Tempting to use model 1, since Age is the only variable that I'm interested in.
xyplot(fitted(mod1) + Price ~ Age, data = cars)
It's a bit hard to see the model. Let's try another way of plotting it.
f1 = makeFun(mod1)
plotPoints(Price ~ Age, data = cars)
plotFun(f1(Age) ~ Age, add = TRUE)
How much the price goes down with a year depends on how old the car is, but you can get the rate from the derivative of the function. Let's evaluate that derivative for an 8-year old car with 50,000 miles:
f1 = makeFun(mod1)
df1 = D(f1(Age) ~ Age)
df1(Age = 8)
## 1
## -1559
Or, since I'm really thinking about a 1-year difference:
f1(Age = c(9, 8), Mileage = 50000)
## 1 2
## 6465 8023
Take the difference. QUESTION: How come I get the same answer for the finite-difference and the derivative?
But let's consider mod4
f4 = makeFun(mod4)
plotFun(f4(Age = a, Mileage = m) ~ a & m, a.lim = c(0, 10), m.lim = c(0, 1e+05),
levels = 1000 * (1:20), npts = 200)
plotPoints(Mileage ~ Age, data = cars, add = TRUE, pch = 20, col = "red")
Examine the change as age goes up by one year. Should I hold mileage constant or should I let the mileage change with age in the typical way?
Here's the same question another way: Do I want to compare cars with different mileages and different ages, or do I want to compare cares with different ages and the same mileage.

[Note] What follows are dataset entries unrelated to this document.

Lemma maximum_matching_exists : exists2 M, is_matching r M & #|M| = matching_number r.
Proof.
have [M mM eqM] := @eq_bigmax_cond _ (is_matching r) (fun N => #|N|)
  (introT card_gt0P (ex_intro _ set0 matching0)).
by exists M.
Qed.

Lemma matching_number_le : irreflexive r -> 2 * matching_number r <= #|U|.
Proof.
move=> r_irr; have [M mM <-] := maximum_matching_exists.
by rewrite -card_cover_matching ?max_card.
Qed.

Lemma saturation_number_eq M k :
  is_maximal_matching r M -> #|M| <= k ->
  (forall N, is_maximal_matching r N -> k <= #|N|) -> saturation_number r = k.
Proof.
move=> maxM leMk lbk; have [mM _] := (maximal_matchingP M).1 maxM.
apply/eqP; rewrite eqn_leq; apply/andP; split.
  by apply: leq_trans leMk; apply: bigminn_le_cond.
apply: bigminn_ge => //; exact: leq_trans (lbk M maxM) (card_matching_le mM).
Qed.

End Matchings.

Section Cycle.
Variable p : nat.
Local Notation m := p.+1.
Local Notation cr := (cycle_rel p.+1).
Local Notation q := (m %/ 3).

Lemma cycle_rel_ordS (i : 'I_m) : cr i (ordS i).
Proof. by rewrite /cycle_rel /= eqxx. Qed.

Lemma cycle_rel_ordS_or (i j : 'I_m) : cr i j -> j = ordS i \/ i = ordS j.
Proof. by case/orP => /eqP h; [left|right]; apply: val_inj. Qed.

(* The indices [i] whose cycle edge [{i, i+1}] meets [B]. *)
Definition hit_edges (B : {set 'I_m}) := B :|: @ordS m @^-1: B.

Lemma card_hit_edges B : #|hit_edges B| <= 2 * #|B|.
Proof.
apply: leq_trans (leq_card_setU _ _).1 _.
by rewrite card_preimset ?addnn ?mul2n //; exact: (@ordS_inj m).
Qed.

Lemma card_hit_edges_edge a b : cr a b -> #|hit_edges [set a; b]| <= 3.
Proof.
move=> rab; have le2 : #|[set a; b]| <= 2 by rewrite cards2; case: (a != b).
have shared : 0 < #|[set a; b] :&: @ordS m @^-1: [set a; b]|.
  by apply/card_gt0P; case: (cycle_rel_ordS_or rab) => ->; [exists a | exists b];
    rewrite !inE !eqxx ?orbT.
rewrite /hit_edges cardsU card_preimset; last exact: (@ordS_inj m).
by move: shared le2; set X := #|_ :&: _|; set Y := #|[set a; b]|; lia.
Qed.
Lemma dual_fixE : dual_fix rho H = homs_quo (augM rho H) [set: M].
Proof.
apply/setP => f; rewrite [in LHS]inE; apply/andP/homs_quoP => [[fD fH]|[fD fI _]].
  have {}fD : {in [set: M]%G &, {morph f : x y / x + y}}.
    by move=> x y _ _; apply/eqP; apply: (forallP (forallP fD x) y).
  split=> //; last by move=> x; rewrite inE.
  have ker_group : group_set [set x : M | f x == 0].
    apply/group_setP; split; first by rewrite inE (morph_on0 fD).
    by move=> x y; rewrite !inE [(x * y)%g]/= fD ?inE // => /eqP-> /eqP->; rewrite addr0.
  suff /subsetP sub : augM rho H \subset Group ker_group by move=> x /sub; rewrite inE => /eqP.
  rewrite gen_subG; apply/subsetP => _ /imset2P[g m Hg _ ->].
  rewrite inE (morph_onB fD) ?inE //.
  have := forall_inP fH g^-1%g; rewrite groupV invgK => /(_ Hg) /forallP /(_ m) /eqP ->.
  by rewrite subrr.
split; first by apply/forallP => x; apply/forallP => y; rewrite fD ?inE.
apply/forall_inP => h Hh; apply/forallP => m.
have Im : rho h^-1%g m - m \in augM rho H.
  by apply: mem_gen; apply/imset2P; exists h^-1%g m; rewrite ?groupV ?inE.
by have := fI _ Im; rewrite (morph_onB fD) ?inE // => /eqP; rewrite subr_eq0.
Qed.

Lemma card_dual_fix_tate :
  (#|dual_fix rho H| * hhat0 rho H = hhatm1 rho H * #|fixM rho H|)%N.
Proof.
have aug_gt0 : (0 < #|augM rho H|)%N by apply/card_gt0P; exists 0; apply: group1.
have img_gt0 : (0 < #|normimg rho H|)%N by apply/card_gt0P; exists 0; apply: group1.
apply/eqP; rewrite -(@eqn_pmul2r (#|augM rho H| * #|normimg rho H|)) ?muln_gt0 ?aug_gt0 //.
rewrite mulnACA dual_fixE card_homs_quo card_tateH0.
by rewrite mulnACA card_tateHm1 mulnCA card_normker_normimg mulnC.
Qed.

End TateCohomologyOrders.

Lemma expfz_ratio_inv_sq (F D p q : nat) (n : int) :
  (0 < F)%N -> (0 < q)%N -> (D * q = p * F)%N ->
  (F%:R^-1 ^+ 2) ^ n / (D%:R^-1 ^+ 2) ^ n = (p%:R ^ n / q%:R ^ n : rat) ^+ 2.
Proof.
move=> F_gt0 q_gt0 DqE.
have sq_expz (x : rat) : (x ^+ 2) ^ n = (x ^ n) ^+ 2 by rewrite !expr2 expfzMl.
have F_neq0 : (F%:R : rat) ^ n != 0 by rewrite expfz_neq0 // pnatr_eq0 -lt0n.
have q_neq0 : (q%:R : rat) ^ n != 0 by rewrite expfz_neq0 // pnatr_eq0 -lt0n.
have DE : (D%:R : rat) = p%:R * F%:R / q%:R.
  by rewrite -natrM -DqE natrM mulfK // pnatr_eq0 -lt0n.
rewrite DE !sq_expz -!expfV !expfzMl -expfV [X in _ / X]exprVn invrK.
by field; rewrite F_neq0 q_neq0.
Qed.
Section SupSubsolution.
Variable lam : R.
Hypothesis lam_ge0 : 0 <= lam.

Lemma subsol0 : is_subsolution lam (fun _ => 0).
Proof.
split=> [x|x|x y _|e e_gt0]; rewrite ?mulr0 ?subrr ?mul0r ?addr0 //.
by have [z _] := ereal_inf_range_eq0_lt ell_inf0 ltr01; exists z.
Qed.

Lemma sup_subsol_ub v x : is_subsolution lam v -> v x <= sup_subsol lam x.
Proof.
move=> v_subsol; apply: ub_le_sup; last by exists v.
exists (D * ell x) => _ [w w_subsol <-]; exact: subsol_le_D w_subsol x.
Qed.

Lemma sup_subsol_le x b :
  (forall v, is_subsolution lam v -> v x <= b) -> sup_subsol lam x <= b.
Proof.
move=> b_ub; apply: ge_sup; first by exists 0, (fun _ => 0); first exact: subsol0.
by move=> _ [v v_subsol <-]; exact: b_ub.
Qed.

Lemma sup_subsol_subsol : is_subsolution lam (sup_subsol lam).
Proof.
set W := sup_subsol lam.
have W_ge0 x : 0 <= W x by exact: (sup_subsol_ub x subsol0).
split => //.
- move=> x; have [->|lam_neq0] := eqVneq lam 0; first by rewrite mul0r.
  have lam_gt0 : 0 < lam by rewrite lt_neqAle eq_sym lam_neq0.
  rewrite mulrC -ler_pdivlMr //; apply: sup_subsol_le => v v_subsol.
  by rewrite ler_pdivlMr // mulrC (subsol_le_ell v_subsol).
- (* The slope condition reads v x * (lam + 1 / d x y) <= ell x + v y / d x y,
     which is monotone in v y. *)
  move=> x y xy; have inv_d_gt0 : 0 < (d x y)^-1 by rewrite invr_gt0 metric_gt0.
  have c_gt0 : 0 < lam + (d x y)^-1 by rewrite ltr_wpDl.
  suff : W x * (lam + (d x y)^-1) <= ell x + W y / d x y by lra.
  rewrite -ler_pdivlMr //; apply: sup_subsol_le => v v_subsol.
  rewrite ler_pdivlMr //; have := subsol_slope v_subsol xy.
  by have := ler_wpM2r (ltW inv_d_gt0) (sup_subsol_ub y v_subsol); rewrite -/W; lra.
- move=> e e_gt0.
  have [z ell_z] := ereal_inf_range_eq0_lt ell_inf0 (divr_gt0 e_gt0 D_gt0).
  exists z; have : W z <= D * ell z by apply: sup_subsol_le => v /subsol_le_D; apply.
  by move: ell_z; rewrite ltr_pdivlMr // mulrC; lra.
Qed.

Lemma perron_ge_subsol u v x : is_perron_solution d ell lam u ->
  is_subsolution lam v -> ((v x)%:E <= u x)%E.
Proof.
move=> [_ u_max] v_subsol.
have W_sol := maximal_subsol_solution lam_ge0 sup_subsol_subsol
  (fun v v_subsol x => sup_subsol_ub x v_subsol).
by apply: le_trans (u_max _ W_sol x); rewrite lee_fin sup_subsol_ub.
Qed.

End SupSubsolution.

Section Solutions.
Variables (lam : R) (u : X -> \bar R).
Hypotheses (lam_ge0 : 0 <= lam) (u_sol : is_solution d ell lam u).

Calculating the partial derivative or partial change:
f4(Age = c(8, 9), Mileage = 50000)
## 1 2
## 12815 12238
df4da = D(f4(Age = Age, Mileage = Mileage) ~ Age)
df4da(Age = 8, Mileage = 50000)
## 1
## -577
Relate to the two-variable polynomial: \( f(x,y) = a_0 + a_1 x + a_2 y + a3 x y + ... \)
Relate to the three-variable polynomial.
Total-vs-partial In-class activity
The question is whether girls' shoes are narrower than boys' because girls' feet are narrower. Address this.